**Task instructions:**
From the entries below, please output exactly the lines starting at the one containing "have le_sqrt := ler_wpM2l" and ending at the one containing "rewrite big_mkord; apply: eq_bigr", both included.

**Available records:**

Lemma sum_ffun_upd {R : nmodType} i (phi : {ffun 'I_M -> F} -> R) :
  \sum_b \sum_u phi (ffun_upd b i u) = (\sum_b phi b) *+ #|F|.
Proof.
pose swap (p : {ffun 'I_M -> F} * F) := (ffun_upd p.1 i p.2, p.1 i).
have swapK : involutive swap.
  by case=> b u; rewrite /swap /= ffun_upd_upd ffun_upd_id ffun_updE eqxx.
transitivity (\sum_b \sum_(u : F) phi b); last first.
  by rewrite -sumrMnl; apply: eq_bigr => b _; rewrite sumr_const.
rewrite !pair_big /= [LHS](reindex_inj (inv_inj swapK)) /=.
by apply: eq_bigr => p _; rewrite ffun_upd_upd ffun_upd_id.
Qed.

End Resampling.

Section Defect.
Context {F : finFieldType} {m : nat}.
Local Notation chals := {ffun 'I_m.+1 -> F}.
Implicit Types (b : chals) (D : nat -> chals -> F) (h : chals -> F).

(* Challenges are indexed from 0: [chal b k] is B_(k+1) (and B_1 for k > m). *)
Definition chal b (k : nat) : F := b (inord k).

(* [defect D k] is T_k above, where [D k] is the difference D_(k+1). *)
Fixpoint defect D k b : F :=
  if k is k'.+1 then chal b k' * defect D k' b + D k' b else -1.

Lemma defectS D k b : defect D k.+1 b = chal b k * defect D k b + D k b.
Proof. by []. Qed.

Lemma defectE D k b :
  defect D k b = \sum_(0 <= j < k) (\prod_(j.+1 <= i < k) chal b i) * D j b
                 - \prod_(0 <= i < k) chal b i.
Proof.
elim: k => [|k IH] /=; first by rewrite !big_geq // sub0r.
rewrite IH [\sum_(0 <= j < k.+1) _](big_nat_recr k) //=.
rewrite [\prod_(k.+1 <= i < k.+1) _]big_geq // mul1r.
rewrite [\prod_(0 <= i < k.+1) _](big_nat_recr k) //= mulrBr mulr_sumr.
rewrite (eq_big_nat _ _ (F2 := fun j => (\prod_(j.+1 <= i < k.+1) chal b i) * D j b)).
  by ring.
by move=> j /andP[_ lt_jk]; rewrite (big_nat_recr k) //=; ring.
Qed.

Definition prefix_dep (k : nat) h :=
  forall b b', (forall i : 'I_m.+1, (i < k)%N -> b i = b' i) -> h b = h b'.

Lemma prefix_dep_upd {k h} : prefix_dep k h ->
  forall b (j : 'I_m.+1) u, (k <= j)%N -> h (ffun_upd b j u) = h b.
Proof.
move=> hk b j u le_kj; apply: hk => i lt_ik; rewrite ffun_updE; case: eqP => // eij.
by move: lt_ik; rewrite eij ltnNge le_kj.
Qed.

Lemma prefix_dep_upd_fix k h (u : F) : (k < m.+1)%N -> prefix_dep k.+1 h ->
  prefix_dep k (fun b => h (ffun_upd b (inord k) u)).
Proof.
move=> lt_km hdep b b' eq_bb'; apply: hdep => i lt_ik; rewrite !ffun_updE.
case: eqP => // /eqP neq_ik; apply: eq_bb'.
by move: neq_ik lt_ik; rewrite -val_eqE /= inordK //; lia.
Qed.

Definition causal D := forall k, (k <= m.+1)%N -> forall b b',
  (forall i : 'I_m.+1, (i.+1 < k)%N || (i == k :> nat) -> b i = b' i) ->
  D k b = D k b'.

Context {D : nat -> chals -> F} (causalD : causal D).

Lemma defect_prefix_dep k : (k <= m.+1)%N -> prefix_dep k (defect D k).
Proof.
elim: k => [//|k IH] lt_km b b' eq_bb' /=.
rewrite /chal eq_bb' ?inordK // (IH (ltnW lt_km) b b') ?(causalD k (ltnW lt_km) b b') //.
- by move=> i /orP[|/eqP] ?; apply: eq_bb'; lia.
- by move=> i lt_ik; apply: eq_bb'; apply: ltnW.
Qed.

Lemma causal_upd_prev k b (j : 'I_m.+1) u :
  (k <= m.+1)%N -> j.+1 = k -> D k (ffun_upd b j u) = D k b.
Proof.
move=> le_km jk; apply: causalD => // i hi; rewrite ffun_updE; case: eqP => // eij.
by move: hi; rewrite eij -jk; lia.
Qed.

End Defect.

Section DefectCount.
Context {R : realType} {F : finFieldType} {m n : nat}.
Local Notation chals := {ffun 'I_m.+1 -> F}.
Context {D : nat -> chals -> F} (causalD : causal D) (D0 : forall b, D 0 b = 0).
Context (card_F : (#|F|%:R : R) = 2 ^+ n).

Local Notation q := (#|F|%:R : R).
Local Notation Q := (#|chals|%:R : R).

Local Notation card_defect_eq k h := (\sum_b ((defect D k b == h b)%:R : R)).

Lemma card_defect1_eq_le h : prefix_dep 0 h -> card_defect_eq 1 h <= cbound R n 1 * Q.
Proof.
move=> hdep; have hb b : h b = h [ffun => 0] by apply: hdep.
have E : q * card_defect_eq 1 h = Q.
  rewrite mulr_natl -(sum_ffun_upd (inord 0)) -sum1_card natr_sum.
  apply: eq_bigr => b _.
  under eq_bigr => u _ do rewrite /= D0 addr0 /chal ffun_updE eqxx hb mulrN1 eqr_oppLR.
  by rewrite (bigD1 (- h [ffun => 0])) //= eqxx big1 ?addr0 // => u /negbTE ->.
by rewrite /= -card_F -E mulKf ?lt0r_neq0 ?(natr_card_gt0 (0 : F)).
Qed.

Section Step.
Variable k : nat.
Hypothesis lt_km : (k < m)%N.
Hypothesis IH : forall h, prefix_dep k h ->
  card_defect_eq k.+1 h <= cbound R n k.+1 * Q.

Local Notation i1 := (inord k : 'I_m.+1).
Local Notation i2 := (inord k.+1 : 'I_m.+1).
Local Notation slice b u := (defect D k.+1 (ffun_upd b i1 u)).

Lemma card_defect_eq_resample h : prefix_dep k.+1 h ->
  q * (q * card_defect_eq k.+2 h) =
  \sum_b \sum_u \sum_v
    ((h (ffun_upd b i1 u) == v * slice b u + D k.+1 (ffun_upd b i2 v))%:R : R).
Proof.
move=> hdep; have neq_i12 : i1 != i2 by rewrite -val_eqE /= !inordK //; lia.
rewrite !mulr_natl -(sum_ffun_upd i2) -(sum_ffun_upd i1).
apply: eq_bigr => b _; apply: eq_bigr => u _; apply: eq_bigr => v _.
rewrite defectS eq_sym (prefix_dep_upd hdep) ?inordK //.
rewrite (prefix_dep_upd (defect_prefix_dep causalD k.+1 (leqW lt_km))) ?inordK //.
rewrite /chal ffun_updE eqxx (ffun_updC b _ _ u v neq_i12) (causal_upd_prev causalD) //.
  exact: leqW.
by rewrite inordK // ltnW.
Qed.

Lemma sum_collisions_slice_le :
  \sum_b collisions (fun u => slice b u) <= q * (q * (cbound R n k.+1 * Q)).
Proof.
set c := cbound R n k.+1.
have -> : q * (q * (c * Q)) = \sum_(u' : F) q * (c * Q) by rewrite sumr_const mulr_natl.
rewrite /collisions (eq_bigr _ (fun b _ => exchange_big _ _ _ _ _ _)) exchange_big.
apply: ler_sum => u' _; pose h' b := slice b u'.
have -> : \sum_b \sum_u ((slice b u == slice b u')%:R : R) = q * card_defect_eq k.+1 h'.
  rewrite mulr_natl -(sum_ffun_upd i1); apply: eq_bigr => b _; apply: eq_bigr => u _.
  by rewrite /h' ffun_upd_upd.
rewrite ler_pM2l ?(natr_card_gt0 (0 : F)) //; apply: IH.
by apply: prefix_dep_upd_fix; [lia | apply: (defect_prefix_dep causalD); lia].
Qed.

Lemma sum_sqrt_collisions_slice_le :
  \sum_b Num.sqrt (collisions (fun u => slice b u)) <= Q * q * Num.sqrt (cbound R n k.+1).
Proof.
apply: le_trans (sum_sqrt_le _ _) _ => [b|].
  by rewrite sumr_ge0 // => u _; rewrite sumr_ge0.
apply: le_trans (ler_wsqrtr (ler_wpM2l (ler0n _ _) sum_collisions_slice_le)) _.
change (Num.sqrt (Q * (q * (q * (cbound R n k.+1 * Q)))) <=
        Q * q * Num.sqrt (cbound R n k.+1)).
rewrite (_ : Q * _ = (Q * q) ^+ 2 * cbound R n k.+1); last by ring.
by rewrite sqrtrM ?sqr_ge0 // sqrtr_sqr ger0_norm // mulr_ge0.
Qed.

Lemma card_defect_eq_step h : prefix_dep k.+1 h ->
  card_defect_eq k.+2 h <= cbound R n k.+2 * Q.
Proof.
move=> hdep; have q_gt0 : 0 < q := natr_card_gt0 (0 : F).
have -> : cbound R n k.+2 = (2 * q)^-1 + Num.sqrt (cbound R n k.+1) by rewrite card_F -exprS.
rewrite -(ler_pM2l q_gt0) -(ler_pM2l q_gt0) card_defect_eq_resample //.
apply: le_trans (_ : \sum_b (q / 2 + q * Num.sqrt (collisions (fun u => slice b u))) <= _).
  by apply: ler_sum => b _; apply: incidences_le.
have sum_half : \sum_(b : chals) q / 2 = q / 2 * Q.
  by rewrite sumr_const mulr_natr; congr (_ *+ _); apply: eq_card.
rewrite big_split sum_half -mulr_sumr.
have le_sqrt := ler_wpM2l (ltW q_gt0) sum_sqrt_collisions_slice_le.
apply: le_trans (lerD (lexx _) le_sqrt) _; rewrite le_eqVlt; apply/predU1P; left.
by field; rewrite lt0r_neq0.
Qed.

End Step.

Lemma card_defect_eq_le k h : (0 < k <= m.+1)%N -> prefix_dep k.-1 h ->
  card_defect_eq k h <= cbound R n k * Q.
Proof.
case: k => [//|k]; elim: k h => [|k IH] h /andP[_ le_km] hdep.
  exact: card_defect1_eq_le.
apply: card_defect_eq_step => // h' dep_h'.
by apply: IH => //; apply/andP; split; [|apply: ltnW].
Qed.

End DefectCount.

Lemma convex_comb_le (R : realFieldType) (A : finType) (mu g : A -> R) c :
  (forall a, 0 <= mu a) -> \sum_a mu a = 1 -> (forall a, g a <= c) ->
  \sum_a mu a * g a <= c.
Proof.
move=> mu_ge0 mu_sum le_gc; rewrite -[c]mul1r -mu_sum mulr_suml.
by apply: ler_sum => a _; rewrite ler_wpM2l.
Qed.

Section Strategy.
Context {F : finFieldType} {A : finType} {m : nat}.
Local Notation chals := {ffun 'I_m.+1 -> F}.
Variables (f : 'I_m.+2 -> A -> chals -> bool -> F) (a : A).

Definition opening_diff k b : F := f (inord k) a b false - f (inord k) a b true.

Lemma accepts_chal b d : accepts f a b d =
  (f (inord m.+1) a b d ==
     \sum_(0 <= j < m.+1) (\prod_(j.+1 <= i < m.+1) chal b i) * f (inord j) a b d
     + (if d then \prod_(0 <= i < m.+1) chal b i else 0)).
Proof.
have chalE (i : 'I_m.+1) : b i = chal b i by rewrite /chal inord_val.
rewrite /accepts (_ : ord_max = inord m.+1); last by apply: val_inj; rewrite /= inordK.
congr (_ == _ + _); last by case: d; rewrite // big_mkord; apply: eq_bigr => i _; apply: chalE.
rewrite big_mkord; apply: eq_bigr => j _; rewrite big_geq_mkord; congr (_ * f _ _ _ _).
  by apply: eq_bigr => i _; rewrite chalE.
by apply: val_inj; rewrite /= inordK // leqW.
Qed.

**Written reply:**
have le_sqrt := ler_wpM2l (ltW q_gt0) sum_sqrt_collisions_slice_le.
apply: le_trans (lerD (lexx _) le_sqrt) _; rewrite le_eqVlt; apply/predU1P; left.
by field; rewrite lt0r_neq0.
Qed.

End Step.

Lemma card_defect_eq_le k h : (0 < k <= m.+1)%N -> prefix_dep k.-1 h ->
  card_defect_eq k h <= cbound R n k * Q.
Proof.
case: k => [//|k]; elim: k h => [|k IH] h /andP[_ le_km] hdep.
  exact: card_defect1_eq_le.
apply: card_defect_eq_step => // h' dep_h'.
by apply: IH => //; apply/andP; split; [|apply: ltnW].
Qed.

End DefectCount.

Lemma convex_comb_le (R : realFieldType) (A : finType) (mu g : A -> R) c :
  (forall a, 0 <= mu a) -> \sum_a mu a = 1 -> (forall a, g a <= c) ->
  \sum_a mu a * g a <= c.
Proof.
move=> mu_ge0 mu_sum le_gc; rewrite -[c]mul1r -mu_sum mulr_suml.
by apply: ler_sum => a _; rewrite ler_wpM2l.
Qed.

Section Strategy.
Context {F : finFieldType} {A : finType} {m : nat}.
Local Notation chals := {ffun 'I_m.+1 -> F}.
Variables (f : 'I_m.+2 -> A -> chals -> bool -> F) (a : A).

Definition opening_diff k b : F := f (inord k) a b false - f (inord k) a b true.

Lemma accepts_chal b d : accepts f a b d =
  (f (inord m.+1) a b d ==
     \sum_(0 <= j < m.+1) (\prod_(j.+1 <= i < m.+1) chal b i) * f (inord j) a b d
     + (if d then \prod_(0 <= i < m.+1) chal b i else 0)).
Proof.
have chalE (i : 'I_m.+1) : b i = chal b i by rewrite /chal inord_val.
rewrite /accepts (_ : ord_max = inord m.+1); last by apply: val_inj; rewrite /= inordK.
congr (_ == _ + _); last by case: d; rewrite // big_mkord; apply: eq_bigr => i _; apply: chalE.
rewrite big_mkord; apply: eq_bigr => j _; rewrite big_geq_mkord; congr (_ * f _ _ _ _).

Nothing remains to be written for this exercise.